The most commonly used way to normalize gene expression is to report the expression of the gene(s) of interest to the expression of “HouseKeeping Genes” (HKG) or internal control genes which expression is assumed to be stable between cells/tissues/samples and experimental conditions. These HKG can code for mRNA or rRNA. Nevertheless, the use of rRNA is not a good standard because these RNAs are present in the cell in a much larger quantity than the target mRNA. In addition, the present inventors (Caradec et al. (2010) Br. J. Cancer 102:1037-1043) and others (Lee et al. (2002) Genome Res. 12:292-297; Vandesompele et al. (2002) Genome Biol. 3:RESEARCH0034; Radonic et al. (2004) Biochem. Biophys. Res. Commun. 313:856-862) have demonstrated that HKG expression could vary according to samples or experimental procedures, leading to an inaccurate normalization, a misinterpretation of results and even conflicting report.
Most microarray experiments make use of the expression levels of all genes as normalization features, assuming that relatively few transcript levels vary between samples, or that any changes that occur are balanced. Van de Peppel et al. showed that this “all-gene” approach does not take into account global changes that often occur during experimental conditions, sampling and sample preparation (van de Peppel et al. (2003)).
Therefore there are no universal control genes to normalize rt-qPCR and microarray assays. Accordingly, prior to any quantification of target genes, several HKG should be tested for their stability in each condition or sample studied (pre-experimental validation) in order to determine the less variable HKG which will be the more appropriate reference for the experiment (Tricarico et al. (2002) Anal Biochem 309:293-300; Pfaffl et al. (2004) Biotechnol Lett 26:509-515). This prior analysis is cumbersome, time-consuming and costly. Furthermore, for laboratories which are not using rt-qPCR or microarray assay as a routine, the prior study of HKG is not profitable. Finally, searching for the best HKG means the pre-analysis consumption of precious samples.
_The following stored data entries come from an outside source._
(* Assume the model (M.2) with $M_0>1$ and the sub-Gaussian condition (A.4) described in the context, and let Algorithm 2 be applied to $X_1,\ldots,X_N$. Let $k\in\{2,\ldots,M_0\}$ and let $\eta=\eta(N)$ be an integer with $1\le\eta\le\min\{N_{k-1},N_{k+1}\}$. Let $E_{k,N}$ be the event that there exist integers $1\le n_1\le N_k$, $1\le n_2\le\eta$, $1\le n_3\le\eta$ such that $\{X^{(k-1)}_n:n=N_{k-1}-n_3+1,\ldots,N_{k-1}\}\cup\{X^{(k)}_n:n=1,\ldots,n_1\}$ and $\{X^{(k)}_n:n=n_1+1,\ldots,N_k\}\cup\{X^{(k+1)}_n:n=1,\ldots,n_2\}$ are two detected segments. Assume $$f(N)\ge\max\{100|\mu_{k-1}-\mu_k|^2\eta,\ 100|\mu_k-\mu_{k+1}|^2\eta,\ C\log N\},$$ where $C>100D/c_0$ is a constant. Then $\Pr(\limsup_{N\to\infty}E_{k,N})=0$.
   Context: Model (M.2): for each sample size $N$ one observes independent random vectors $X_1,\ldots,X_N\in\mathbb{R}^D$ ($D\in\mathbb{N}$ fixed). There are $M_0\ge 0$ (fixed) change points $0=L_0<L_1<\cdots<L_{M_0}<L_{M_0+1}=N$ (depending on $N$), with segment sizes $N_k=L_k-L_{k-1}$, $N_k\to\infty$; for each $k$, $X_{L_{k-1}+1},\ldots,X_{L_k}$ are i.i.d. with distribution $\mathcal{G}_k$ with mean $\mu_k$ and finite covariance; $\mu_k\neq\mu_{k+1}$. Write $X^{(k)}_n=X_{L_{k-1}+n}$, $n=1,\ldots,N_k$. (A.4): there is $c_0>0$ such that for every $k$, coordinate $d$, $n\ge1$ and $a>0$, the mean $\bar Z$ of $n$ i.i.d. copies of the $d$-th marginal of $\mathcal{G}_k$ satisfies $\Pr(|\bar Z-E\bar Z|\ge a)\le2e^{-c_0a^2n}$. Quadratic loss: $\mathrm{Loss}_q(x_a,\ldots,x_b)=\sum_{n=a}^b|x_n-\bar x|^2$, $\bar x$ the sample mean, $|\cdot|$ Euclidean norm. Algorithm 2 (inputs $M_{\max}\ge1$, penalty $f(N)>0$, minimal segment size $\beta(N)$): for $k=0,1,\ldots,M_{\max}$ compute $\hat e_k=\min\sum_{j=1}^{k+1}\mathrm{Loss}_q(x_{\ell_{j-1}+1},\ldots,x_{\ell_j})$ over $0=\ell_0<\ell_1<\cdots<\ell_{k+1}=N$ with a minimizer; if its smallest segment has size $<\beta(N)$, set $M=k-1$ and stop (else $M=M_{\max}$). Output $\hat M=\arg\min_{0\le k\le M}(\hat e_k+kf(N))$ and the change points $\hat\ell_1<\cdots<\hat\ell_{\hat M}$ of the minimizer for $k=\hat M$. The detected segments are the blocks $\{X_n:n=\hat\ell_{j-1}+1,\ldots,\hat\ell_j\}$, $j=1,\ldots,\hat M+1$ ($\hat\ell_0=0,\hat\ell_{\hat M+1}=N$); ''two detected segments'' means two neighboring ones, in the order listed. $\limsup_N E_N$ is the event that $E_N$ occurs for infinitely many $N$. *)

From HB Require Import structures.
From mathcomp Require Import all_boot all_order all_algebra.
From mathcomp Require Import all_classical all_reals all_analysis.
Set Implicit Arguments. Unset Strict Implicit. Unset Printing Implicit Defensive.
Import Order.TTheory GRing.Theory Num.Theory.
Local Open Scope classical_set_scope.
Local Open Scope ring_scope.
To determine the best HKG among set of reference genes tested, mathematical models (Chervoneva et al. (2010) BMC Bioinformatics 11:253) and specialized softwares (Vandesompele et al. (2002); Pfaffl et al. (2004)) have been developed. However, mathematical models can be complex and difficult to use and specialized softwares do not always corroborate on the determination of the best HKG. In addition, different primers are used for common HKG amplification, which are not always the same between laboratories. The sequences of primers could influence rt-qPCR efficiency resulting in variation of results obtained using the same HKG in the same experimental protocol in different laboratories. Therefore, there are neither universal control genes nor universal defined protocols to determine the best control genes.
Nowadays, the use of HKG in the normalization of rt-qPCR and microarray results does not seem an accurate way for a universal standardization of results and worldwide comparison of genomic expression. Scientific community suggested developing universal RNA material reference for rt-qPCR and microarrays standardization. The addition of external heterologous RNA (either synthetic as alien RNA or from plants when studying animal genes for example) at the RT step (Step 2) is considered the most promising method to normalize results. It allows monitoring of the RT, PCR efficiency and RNA degradation.
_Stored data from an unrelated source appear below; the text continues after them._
(* Consider the semidiscrete DG scheme described in the context on a single element $\Omega_j$. Suppose that at time $t$ the element values $u^h(\cdot,t)\in\Pi^q$, $v^h(\cdot,t)\in\Pi^s$ on $\Omega_j$ are given, and that the boundary states (fluxes) $v^*$ and $\nabla u^*$ on $\partial\Omega_j$ are given. Then the time derivatives $\partial_t u^h$ and $\partial_t v^h$ on $\Omega_j$ are uniquely determined by the equations (1), (2), (3) below (for all admissible test functions), and the discrete energy $E_j^h(t)=\int_{\Omega_j}\tfrac12 (v^h)^2+\tfrac12 c^2|\nabla u^h|^2$ satisfies \begin{multline*} \frac{dE_j^h}{dt}=\int_{\partial\Omega_j}\Big[-\tfrac12 c^2|\nabla u^h|^2\,\mathbf{w}\cdot\mathbf{n}-\tfrac12 (v^h)^2\,\mathbf{w}\cdot\mathbf{n}+c^2(v^*-v^h)\nabla u^h\cdot\mathbf{n}\\ -c^2\nabla u^h\cdot(\nabla u^*-\nabla u^h)\,\mathbf{w}\cdot\mathbf{n}+c^2 v^h\nabla u^*\cdot\mathbf{n}-v^h(v^*-v^h)\,\mathbf{w}\cdot\mathbf{n}\Big]. \end{multline*}
   Context: Let $m\ge1$, $c>0$ and a constant vector $\mathbf{w}\in\mathbb{R}^m$. The advective wave equation $(\partial_t+\mathbf{w}\cdot\nabla)^2u=c^2\Delta u$ is written as the first-order-in-time system $\partial_t u+\mathbf{w}\cdot\nabla u-v=0$, $\partial_t v+\mathbf{w}\cdot\nabla v-c^2\Delta u=0$. The domain is partitioned into elements $\Omega_j$; $\mathbf{n}$ denotes the outward unit normal on $\partial\Omega_j$. On $\Omega_j$ the approximations $u^h$ and $v^h$ are polynomials of degree $q$ and $s$ respectively ($\Pi^q$, $\Pi^s$ denote the polynomial spaces of degrees $q$, $s$ in $m$ variables). The local scheme on $\Omega_j$ is: for all $\phi_u\in\Pi^q$, all $\phi_v\in\Pi^s$ and all constants $\tilde\phi_u$, (1) $\int_{\Omega_j}c^2\nabla\phi_u\cdot\nabla(\partial_t u^h+\mathbf{w}\cdot\nabla u^h-v^h)=\int_{\partial\Omega_j}c^2(v^*-v^h)\nabla\phi_u\cdot\mathbf{n}-c^2\nabla\phi_u\cdot(\nabla u^*-\nabla u^h)\,\mathbf{w}\cdot\mathbf{n}$, (2) $\int_{\Omega_j}\phi_v\partial_t v^h+\phi_v\mathbf{w}\cdot\nabla v^h+c^2\nabla u^h\cdot\nabla\phi_v=\int_{\partial\Omega_j}c^2\phi_v\nabla u^*\cdot\mathbf{n}-(v^*-v^h)\phi_v\,\mathbf{w}\cdot\mathbf{n}$, (3) $\int_{\Omega_j}\tilde\phi_u(\partial_t u^h+\mathbf{w}\cdot\nabla u^h-v^h)=0$. Here $v^*$ (scalar) and $\nabla u^*$ (vector) are given functions on $\partial\Omega_j$ (the numerical fluxes). *)

From HB Require Import structures.
From mathcomp Require Import all_boot all_order all_algebra.
From mathcomp Require Import mpoly.
From mathcomp Require Import all_classical all_reals all_analysis.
However, it is of no help to monitor the variation of extraction yield, errors in total RNA quantification or the degradation of the RNA of interest during storage. In addition, since synthetic RNAs are in vitro retro-transcribed, concerns may arise on the different efficiencies of RT and PCR compared to natural RNA with secondary and tertiary structures. Exogenous RNAs are already used for microarrays (Benes and Muckenthaler (2003) Trends Biochem Sci 28:244-249) but their use for normalization of rt-qPCR results is not generalized (Huggett et al. (2005) Genes Immun 6:279-284).
To conclude, there is a real need for an easy-to-use, commercially available method of normalization to monitor all the pre-analytical steps of gene expression analysis assays such as rt-qPCR and microarrays and to facilitate the comparison of data collected in laboratories throughout the world. Reliable normalization methods are also mandatory for microarray and rt-qPCR methods to be widely adopted for clinical diagnostic use.
The present invention arises from the unexpected finding by the inventors that addition of a fixed amount of external control sample during extraction of RNAs to be studied and of a fixed amount of external RNA before the RT, as depicted in
The present invention thus concerns a method for comparing, in at least two samples A1 and A2, the amount of RNA of a target gene t, comprising the steps consisting of:
wherein the reference gene gc is selected in such a way that nucleic acids, primers and/or probes used in step e) to measure the cDNA level of the reference gene gc do not cross-react with cDNAs of the target gene t and of the reference gene gd and wherein the reference gene gd is selected in such a way that nucleic acids, primers and/or probes used in step e) to measure the cDNA level of the reference gene gd do not cross-react with cDNAs of the target gene t and of the reference gene gc.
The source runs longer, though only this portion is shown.